→ ABOUT THIS EXERCISE:
Reproduce word for word, from the entries below, the line with "Definition ffun_delta (i", the line with "Proof. by rewrite /ftrace", and every line between them, and nothing more.
** Opening RECORDS FOR THIS EXERCISE block **
Lemma orbital_integral_le_disc : disc m u != 0 ->
  (\int[mu]_(y in [set y : Kmeas v | (y : K) != 0%R]) orbital_integrand y <=
     (4 * qR `^ ((v (disc m u))%:~R / 2 - e%:R))%:E)%E.
Proof.
move=> D0; set C := qR `^ _.
have C0 : 0 <= C by apply: powR_ge0.
pose B i := 2 * C * r ^+ i.
have B0 i : 0 <= B i by rewrite !mulr_ge0 ?exprn_ge0.
apply: le_trans (orbital_integral_le_series B0 _) _.
  move=> i; have [w1 [w2 [j [hj cover]]]] := aroots_in_two_balls Hu (e%:Z + i%:Z) D0.
  exists [:: w1; w2], j; split; last first.
    by move=> w _ /cover[]; [exists w1|exists w2]; rewrite // !inE eqxx ?orbT.
  rewrite /B -mulrA ler_wpM2l // (_ : C * r ^+ i = qR `^ ((v (disc m u))%:~R / 2 - e%:R - i%:R)).
    apply: exprz_le_powR; first exact: ltW.
    move: hj; rewrite -(ler_int R) !(intrD, intrM, intrB) /=; lra.
  by rewrite powRD ?qR0 ?implybT // powRN powR_mulrn ?ltW // /r exprVn.
apply: nneseries_bounded_le => [i|n]; first by rewrite mulr_ge0.
apply: le_trans (geometric_partial_sum_le n _ r_ge0) _; first by rewrite mulr_ge0.
lra.
Qed.

End OrbitalIntegral.

End HaarMeasure.
End Valuation.

Theorem lemma3p6 (R : realType) (K : fieldType) (v : K -> int) (q : nat)
  (mu : {measure set (Kmeas v) -> \bar R})
  (e : nat) (m u : K) (N : nat) :
  nonarch_local_field v q ->
  (* mu is the additive Haar measure d_v x with Vol(O_F) = 1 *)
  (forall (a : K) (A : set (Kmeas v)), measurable A ->
      mu [set x : Kmeas v | A ((x : K) + a)] = mu A) ->
  mu (inO v : set (Kmeas v)) = 1%E ->
  inO v m -> unitO v u ->
  (* N_v = #{ t in O/varpi O : t^2 - m t + u = 0 } *)
  num_classes_mod v (fun t => inO v t /\ congrv v (t ^+ 2 - m * t + u) 0) N ->
  (`| \int[mu]_(y in [set y : Kmeas v | (y : K) != 0%R])
        ((\int[mu]_(x in [set: Kmeas v])
            (phi_v v R e (invmx (gxy x y) *m gamma_mu m u *m gxy x y))%:E)
         * ((absv v R q y) ^-2)%R%:E) | <=
   lemma3p6_bound v R q N e (m ^+ 2 - 4%:R * u))%E.
Proof.
move=> [Hv _ Hcl] mu_translate mu_inO _ Hu hN.
rewrite gee0_abs; last by apply: integral_ge0 => y _; exact: orbital_integrand_ge0.
rewrite /lemma3p6_bound; case: eqP => [_|/eqP D0]; first by rewrite leey.
case: ifP => [/andP[/eqP e0 /eqP vD]|_].
  exact (orbital_integral_le_disc_unit Hv Hcl mu_translate mu_inO Hu e0 D0 vD hN).
exact (orbital_integral_le_disc Hv Hcl mu_translate mu_inO e Hu D0).
Qed.
(* The sums [q y = 1 + y + ... + y ^+ g.-1] over the [g]-th roots [y] of [w]
   add up to [g] and are not all 1, so one of them has norm [> 1]; then
   [w - 1 = (y - 1) * q y] gives [|y - 1| < |w - 1|], i.e. ['Re w < 'Re y]. *)
Lemma root_with_larger_Re (w : algC) g :
  (1 < g)%N -> `|w| = 1 -> w != 1 -> exists2 y, y ^+ g = w & 'Re w < 'Re y.
Proof.
move=> g_gt1 w1 w_neq1; have g_gt0 := ltnW g_gt1.
have [zeta prim_zeta] := C_prim_root_exists g_gt0.
pose y (k : 'I_g) := g.-root w * zeta ^+ k.
have yg k : y k ^+ g = w.
  by rewrite exprMn rootCK // exprAC (prim_expr_order prim_zeta) expr1n mulr1.
pose q (x : algC) := \sum_(j < g) x ^+ j.
have sum_q : \sum_k q (y k) = \sum_(k < g) 1.
  rewrite exchange_big (bigD1 (Ordinal g_gt0)) //= [X in _ + X]big1 => [|j j_neq0].
    by rewrite addr0; apply: eq_bigr => k _; rewrite expr0.
  under eq_bigr do rewrite exprMn -exprM mulnC.
  by rewrite -mulr_sumr sum_prim_root_exprM ?mulr0 ?ltn_ord ?andbT ?lt0n.
have [k q_gt1] : exists k, 1 < `|q (y k)|.
  apply/existsP; apply: contraT => /existsPn q_le1.
  have norm_q_le1 k : `|q (y k)| <= 1.
    by rewrite real_leNgt ?real1 ?normr_real ?q_le1.
  have q_eq1 := normC_sum_upper (fun k _ => norm_q_le1 k) sum_q.
  have y_eq_w k : y k = w.
    by have := subrX1 (y k) g; rewrite yg -/(q _) q_eq1 // mulr1 => /addIr.
  have root_neq0 : g.-root w != 0.
    by rewrite rootC_eq0 // -normr_eq0 w1 oner_neq0.
  have : zeta ^+ 1 == 1.
    apply/eqP/(mulfI root_neq0); rewrite -(expr0 zeta).
    exact: etrans (y_eq_w (Ordinal g_gt1)) (esym (y_eq_w (Ordinal g_gt0))).
  by rewrite -(prim_order_dvd prim_zeta) dvdn1 gtn_eqF.
have y1 : `|y k| = 1 by apply: (norm_eq1_of_expr g_gt0); rewrite yg.
have y_neq1 : y k != 1 by apply: contraNneq w_neq1 => yk1; rewrite -(yg k) yk1 expr1n.
exists (y k) => //.
have : `|y k - 1| ^+ 2 < `|w - 1| ^+ 2.
  rewrite -(yg k) subrX1 -/(q _) normrM exprMn ltr_pMr ?exprn_egt1 //.
  by rewrite exprn_gt0 // normr_gt0 subr_eq0.
by rewrite normC_sub1_sqr // normC_sub1_sqr // ltrD2l ltrN2 ltr_pM2l.
Qed.

Lemma Re_le_rootC n (x u : algC) :
  (0 < n)%N -> x \is Num.real -> u ^+ n = x -> 'Re u <= 'Re (n.-root x).
Proof.
move=> n_gt0 x_real un_x; have [Im_ge0 | Im_lt0] := boolP (0 <= 'Im u).
  exact: rootC_Re_max.
rewrite -Re_conj; apply: rootC_Re_max => //.
  by rewrite -rmorphXn un_x; apply/eqP; rewrite -CrealE.
by rewrite Im_conj oppr_ge0 ltW // real_ltNge ?Creal_Im.
Qed.

(* [D.-root (-1)] has the largest real part among the [D]-th roots of [-1].
   If its square had order [m < D], then [z ^+ m = -1], and a [D %/ m]-th
   root of [z] with larger real part would be another [D]-th root of [-1]. *)
Lemma omega_prim_root D : (1 < D)%N -> D.-primitive_root (omega D).
Proof.
move=> D_gt1; have D_gt0 := ltnW D_gt1; rewrite /omega.
set z := D.-root (-1); have zD : z ^+ D = -1 by apply: rootCK.
have N1_neq1 : (-1 : algC) != 1 by rewrite lt_eqF // (lt_trans (ltrN10 _) ltr01).
have z2D : (z ^+ 2) ^+ D = 1 by rewrite exprAC zD sqrrN expr1n.
have [m prim_z2 m_dvd_D] := prim_order_exists D_gt0 z2D.
have [<- // | m_neq_D] := eqVneq m D; exfalso.
have zm : z ^+ m = -1.
  have /eqP := prim_expr_order prim_z2; rewrite -exprM mulnC exprM sqrf_eq1.
  case/orP => /eqP // zm1; move: N1_neq1.
  by rewrite -zD -(divnK m_dvd_D) mulnC exprM zm1 expr1n eqxx.
have q_gt1 : (1 < D %/ m)%N.
  by rewrite ltn_divRL // mul1n ltn_neqAle m_neq_D dvdn_leq.
have z1 : `|z| = 1 by apply: (norm_eq1_of_expr D_gt0); rewrite zD normrN1.
have z_neq1 : z != 1 by apply: contraNneq N1_neq1 => z_eq1; rewrite -zD z_eq1 expr1n.
have [y yq Re_zy] := root_with_larger_Re q_gt1 z1 z_neq1.
have yD : y ^+ D = -1 by rewrite -(divnK m_dvd_D) exprM yq zm.
have := Re_le_rootC D_gt0 (rpredN1 _) yD.
by rewrite real_leNgt ?Creal_Re // Re_zy.
Qed.

Section PrimRootZp.
Variables (R : idomainType) (D : nat) (w : R).
Hypotheses (D_gt1 : (1 < D)%N) (prim_w : D.-primitive_root w).

Lemma prim_root_expZpD (x y : 'Z_D) : w ^+ val (x + y) = w ^+ val x * w ^+ val y.
Proof.
rewrite -exprD; apply/eqP.
by rewrite (eq_prim_root_expr prim_w) /= modn_dvdm // Zp_cast.
Qed.

Lemma prim_root_expZp_inj : injective (fun x : 'Z_D => w ^+ val x).
Proof.
have lt_valD (x : 'Z_D) : (val x < D)%N by case: x => m /=; rewrite Zp_cast.
move=> x y /eqP; rewrite (eq_prim_root_expr prim_w) !modn_small ?lt_valD //.
by move/eqP/val_inj.
Qed.

Lemma prim_root_expZp_eq1 (x : 'Z_D) : (w ^+ val x == 1) = (x == 0).
Proof. by rewrite -(inj_eq prim_root_expZp_inj) expr0. Qed.

Lemma prim_root_expZp_neq0 (x : 'Z_D) : w ^+ val x != 0.
Proof. by rewrite expf_neq0 // (prim_root_eq0 prim_w) -lt0n ltnW. Qed.

End PrimRootZp.

Section FunTrace.
Variables (F : fieldType) (I : finType).
Local Notation V := {ffun I -> F^o}.

Definition ffun_delta (i : I) : V := [ffun j => (j == i)%:R].

Definition ftrace (f : V -> V) : F := \sum_i f (ffun_delta i) i.

Lemma ffun_delta_sum (v : V) : v = \sum_i v i *: ffun_delta i.
Proof.
apply/ffunP => j; rewrite sum_ffunE (bigD1 j) //= big1 => [|i /negbTE ij].
  by rewrite !ffunE eqxx addr0; symmetry; apply: mulr1.
by rewrite !ffunE eq_sym ij; apply: mulr0.
Qed.

Lemma ftrace_sum (J : Type) (r : seq J) (P : pred J) (f : J -> V -> V) :
  ftrace (fun v => \sum_(j <- r | P j) f j v) = \sum_(j <- r | P j) ftrace (f j).
Proof. by rewrite /ftrace exchange_big; apply: eq_bigr => i _; rewrite sum_ffunE. Qed.

Lemma ftrace_eigen_onto (C : {vspace V}) (f : {linear V -> V}) (c : F) :
  (forall v, f v \in C) -> {in C, forall v, f v = c *: v} ->
  ftrace f = c * (\dim C)%:R.
Proof.
move=> fC f_eigen; set X := vbasis C.
have freeX : free X := basis_free (vbasisP C).
pose a j k := coord X j (f (ffun_delta k)).
have f_delta k : f (ffun_delta k) = \sum_j a j k *: X`_j := coord_vbasis (fC _).
have diag j : \sum_k a j k * X`_j k = c.
  have XjC : X`_j \in C by apply/vbasis_mem/mem_nth; rewrite size_tuple.
  have := congr1 (coord X j) (f_eigen _ XjC).
  rewrite {1}(ffun_delta_sum X`_j) linearZ /= coord_free // eqxx mulr1 => <-.
  rewrite !linear_sum; apply: eq_bigr => k _.
  by rewrite !linearZ /= f_delta coord_sum_free // mulrC.
rewrite /ftrace (eq_bigr (fun k => \sum_j a j k * X`_j k)) => [|k _].
  by rewrite exchange_big (eq_bigr (fun=> c)) // sumr_const card_ord mulr_natr.
by rewrite f_delta sum_ffunE; apply: eq_bigr => j _; rewrite ffunE.
Qed.

End FunTrace.

Arguments ffun_delta {F I} i.

Section PauliOperators.
Variables (D n : nat).

Definition pauli_phase (s : pauli D n) (k : qbasis D n) : algC :=
  omega D ^+ val s.1 * \prod_(i < n) omega D ^+ val (s.2.2 i * (k i + s.2.1 i)).

Lemma pauli_opE s v k : pauli_op s v k = pauli_phase s k * v (k + s.2.1).
Proof. by rewrite ffunE. Qed.

Lemma pauli_op_is_linear (s : pauli D n) : linear (pauli_op s).
Proof. by move=> a u v; apply/ffunP => k; rewrite !ffunE mulrDr mulrCA. Qed.

HB.instance Definition _ (s : pauli D n) :=
  GRing.isLinear.Build algC (qstate D n) (qstate D n) _ (pauli_op s)
    (pauli_op_is_linear s).

Lemma pauli_op_delta s j k :
  pauli_op s (ffun_delta j) k = pauli_phase s k * (k + s.2.1 == j)%:R.
Proof. by rewrite pauli_opE ffunE. Qed.

Definition qbasis_unit (i0 : 'I_n) : qbasis D n := [ffun i => (i == i0)%:R].

Hypothesis D_gt1 : (1 < D)%N.
Let prim_omega := omega_prim_root D_gt1.
Lemma distfun_is_inf x a0 : M a0 ->
  (forall a, M a -> distfun M x <= edist x a) /\
  (forall b, (forall a, M a -> b <= edist x a) -> b <= distfun M x).
Proof.
  intros Ha0. unfold distfun.
  set (E := fun r => exists a, M a /\ r = edist x a).
  destruct (Glb_Rbar_correct E) as [Hlb Hglb].
  assert (H0 : is_lb_Rbar E (Finite 0)) by (intros r [a [_ ->]]; apply edist_nonneg).
  destruct (Glb_Rbar E) as [l | | ] eqn:El.
  - split.
    + intros a Ha. apply (Hlb (edist x a)). exists a; auto.
    + intros b Hb. apply (Hglb (Finite b)). intros r [a [Ha ->]]. apply Hb, Ha.
  - exact (False_ind _ (Hlb (edist x a0) (ex_intro _ a0 (conj Ha0 eq_refl)))).
  - exact (False_ind _ (Hglb _ H0)).
Qed.

Lemma distfun_nonneg x a0 : M a0 -> 0 <= distfun M x.
Proof. intros Ha0. apply (distfun_is_inf x a0 Ha0). intros a _. apply edist_nonneg. Qed.

Lemma distfun_of_mem x : M x -> distfun M x = 0.
Proof.
  intros Hx. apply Rle_antisym; [|exact (distfun_nonneg x x Hx)].
  replace 0 with (edist x x)
    by (unfold edist; rewrite <- sqrt_0; f_equal; ring).
  exact (proj1 (distfun_is_inf x x Hx) x Hx).
Qed.

Lemma distfun_kink u rho tau m p : M p -> 0 < u -> Rabs m <= u -> 0 < tau -> tau <= rho / 2 ->
  (forall b, (Aset (3 * u) rho (psub b p) /\ M b) <-> b = p) \/
  (forall b, (Aset (3 * u) rho (psub p b) /\ M b) <-> b = p) ->
  Rmin (1 / 2) (u / 2) * tau <= d2 (distfun M) p (1, m) tau.
Proof.
  intros Hp Hu Hm Htau Hrho Hcone.
  unfold d2. rewrite (distfun_of_mem p Hp).
  pose proof (distfun_nonneg (pmove p (1, m) tau) p Hp).
  pose proof (distfun_nonneg (pmove p (1, m) (- tau)) p Hp).
  destruct Hcone as [Hfwd | Hbwd].
  - enough (Rmin (1 / 2) (u / 2) * tau <= distfun M (pmove p (1, m) tau)) by lra.
    apply (distfun_is_inf _ p Hp). intros b Hb.
    rewrite edist_pmove. apply (cone_gap u rho); auto.
    intros HA. rewrite (proj1 (Hfwd b) (conj HA Hb)). pt_field.
  - enough (Rmin (1 / 2) (u / 2) * tau <= distfun M (pmove p (1, m) (- tau))) by lra.
    apply (distfun_is_inf _ p Hp). intros b Hb.
    rewrite edist_pmove_opp. apply (cone_gap u rho); auto.
    intros HA. rewrite (proj1 (Hbwd b) (conj HA Hb)). pt_field.
Qed.
(* Let $K_{m,n}$ be the complete bipartite graph with parts of sizes $m$ and $n$, and let $k$ be a positive integer with $m,n\geq k$ and $m\geq n$. Then $\gamma_{gr}^{k}(K_{m,n})=m+k-1$, $\gamma_{gr}^{L,k}(K_{m,n})=m+k$, $\gamma_{gr}^{t,k}(K_{m,n})=2k$, and $\gamma_{gr}^{Z,k}(K_{m,n})=2k$ if $m>k$ (and $n\geq k$), while $\gamma_{gr}^{Z,k}(K_{m,n})=2k-1$ if $m=n=k$.
   Context: For a vertex $v$, $N(v)$ is its open neighborhood and $N[v]=N(v)\cup\{v\}$. A sequence $S=(v_1,\ldots,v_m)$ of distinct vertices is a $k$-sequence (resp. $k$-$L$-sequence, $k$-$Z$-sequence, $k$-$t$-sequence) if for each $i$ there is a vertex $u_i$ with $u_i\in N[v_i]$ (resp. $N[v_i]$, $N(v_i)$, $N(v_i)$) such that the number of indices $j<i$ with $u_i\in N[v_j]$ (resp. $N(v_j)$, $N[v_j]$, $N(v_j)$) is less than $k$. The numbers $\gamma_{gr}^{k}(G)$, $\gamma_{gr}^{L,k}(G)$, $\gamma_{gr}^{Z,k}(G)$, $\gamma_{gr}^{t,k}(G)$ are the maximum lengths of such sequences, respectively. *)

From mathcomp Require Import all_boot.
Set Implicit Arguments. Unset Strict Implicit. Unset Printing Implicit Defensive.

Section Grundy.
Variable T : finType.

(* A simple graph is given by an adjacency relation [e] (assumed symmetric,
   irreflexive where relevant). *)
Definition onbhd (e : rel T) (v : T) : {set T} := [set u | e v u].
Definition cnbhd (e : rel T) (v : T) : {set T} := v |: onbhd e v.

Definition gen_seq (A B : T -> {set T}) (k : nat) (s : seq T) : bool :=
  uniq s &&
  [forall i : 'I_(size s),
     [exists u in A (tnth (in_tuple s) i),
        count (fun v => u \in B v) (take i s) < k]].

(* Maximum length of such a sequence (sequences are duplicate-free,
   hence have length at most #|T|). *)
Definition gen_gamma (A B : T -> {set T}) (k : nat) : nat :=
  \max_(n < #|T|.+1 | [exists t : n.-tuple T, gen_seq A B k t]) n.

Definition gamma_gr   (e : rel T) k := gen_gamma (cnbhd e) (cnbhd e) k.
Definition gamma_grL  (e : rel T) k := gen_gamma (cnbhd e) (onbhd e) k.
Definition gamma_grZ  (e : rel T) k := gen_gamma (onbhd e) (cnbhd e) k.
Definition gamma_grt  (e : rel T) k := gen_gamma (onbhd e) (onbhd e) k.
End Grundy.

Definition Kbip (m n : nat) : rel ('I_m + 'I_n)%type :=
  fun x y => match x, y with
             | inl _, inr _ | inr _, inl _ => true
             | _, _ => false
             end.
Arguments Kbip : clear implicits.

From mathcomp Require Import all_boot zify.
Set Implicit Arguments. Unset Strict Implicit. Unset Printing Implicit Defensive.

(* In K_{m,n} a vertex u lies in N(w) exactly when w is in the part opposite
   to u, so the counting condition for a witness u only sees how many earlier
   vertices lie in the part opposite to u (plus, for closed neighbourhoods,
   whether u itself occurred).  For the upper bounds of gamma_gr and
   gamma_gr^L look at the last vertex v and its witness u: fewer than k
   vertices preceding v lie on the side opposite to u (u itself included, for
   closed neighbourhoods), while u's own side has at most m vertices, one fewer
   if u itself is missing from the sequence.  For the
   total (and hence the Z-) version every vertex needs a witness on the other
   side, which caps each side at k vertices.  A Z-sequence is also a Grundy
   sequence, which gives 2k - 1 when m = n = k.  The lower bounds list a block
   of left vertices followed by a block of right vertices. *)

Section GrundySequences.
Variables (T : finType) (A B : T -> {set T}) (k : nat).
Implicit Types (p q s t : seq T) (v : T).

Definition admissible p v := [exists u in A v, count (fun w => u \in B w) p < k].

Lemma gen_seq_nil : gen_seq A B k [::].
Proof. by apply/andP; split=> //; apply/forallP => -[]. Qed.

Lemma gen_seq_rcons p v :
  gen_seq A B k (rcons p v) = [&& gen_seq A B k p, v \notin p & admissible p v].
Proof.
have tnthE s (i : 'I_(size s)) : tnth (in_tuple s) i = nth v s i by apply: tnth_nth.
have take_rcons i : i <= size p -> take i (rcons p v) = take i p.
  by move=> le_ip; rewrite -cats1 takel_cat.
rewrite /gen_seq rcons_uniq; have [_|vNp /=] := boolP (v \in p); first by rewrite !andbF.
case: (uniq p) => //=; apply/forallP/andP => [adm | [/forallP adm_p adm_v] i].
- split; last first.
    have lt_p : size p < size (rcons p v) by rewrite size_rcons.
    have := adm (Ordinal lt_p).
    by rewrite tnthE /= nth_rcons ltnn eqxx take_rcons // take_size; apply.
  apply/forallP => i; have lt_i : i < size (rcons p v) by rewrite size_rcons leqW.
  have := adm (Ordinal lt_i); rewrite !tnthE /= nth_rcons ltn_ord.
  by rewrite take_rcons // ltnW.
- have : i < (size p).+1 by rewrite -(size_rcons p v).
  rewrite ltnS leq_eqVlt => /orP [/eqP i_p | lt_ip].
    by rewrite tnthE nth_rcons i_p ltnn eqxx take_rcons // take_size.
  have := adm_p (Ordinal lt_ip); rewrite !tnthE /= nth_rcons lt_ip.
  by rewrite take_rcons // ltnW.
Qed.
** Closing RECORDS FOR THIS EXERCISE block **
→ RESULT OF THE TASK:
Definition ffun_delta (i : I) : V := [ffun j => (j == i)%:R].

Definition ftrace (f : V -> V) : F := \sum_i f (ffun_delta i) i.

Lemma ffun_delta_sum (v : V) : v = \sum_i v i *: ffun_delta i.
Proof.
apply/ffunP => j; rewrite sum_ffunE (bigD1 j) //= big1 => [|i /negbTE ij].
  by rewrite !ffunE eqxx addr0; symmetry; apply: mulr1.
by rewrite !ffunE eq_sym ij; apply: mulr0.
Qed.

Lemma ftrace_sum (J : Type) (r : seq J) (P : pred J) (f : J -> V -> V) :
  ftrace (fun v => \sum_(j <- r | P j) f j v) = \sum_(j <- r | P j) ftrace (f j).
Proof. by rewrite /ftrace exchange_big; apply: eq_bigr => i _; rewrite sum_ffunE. Qed.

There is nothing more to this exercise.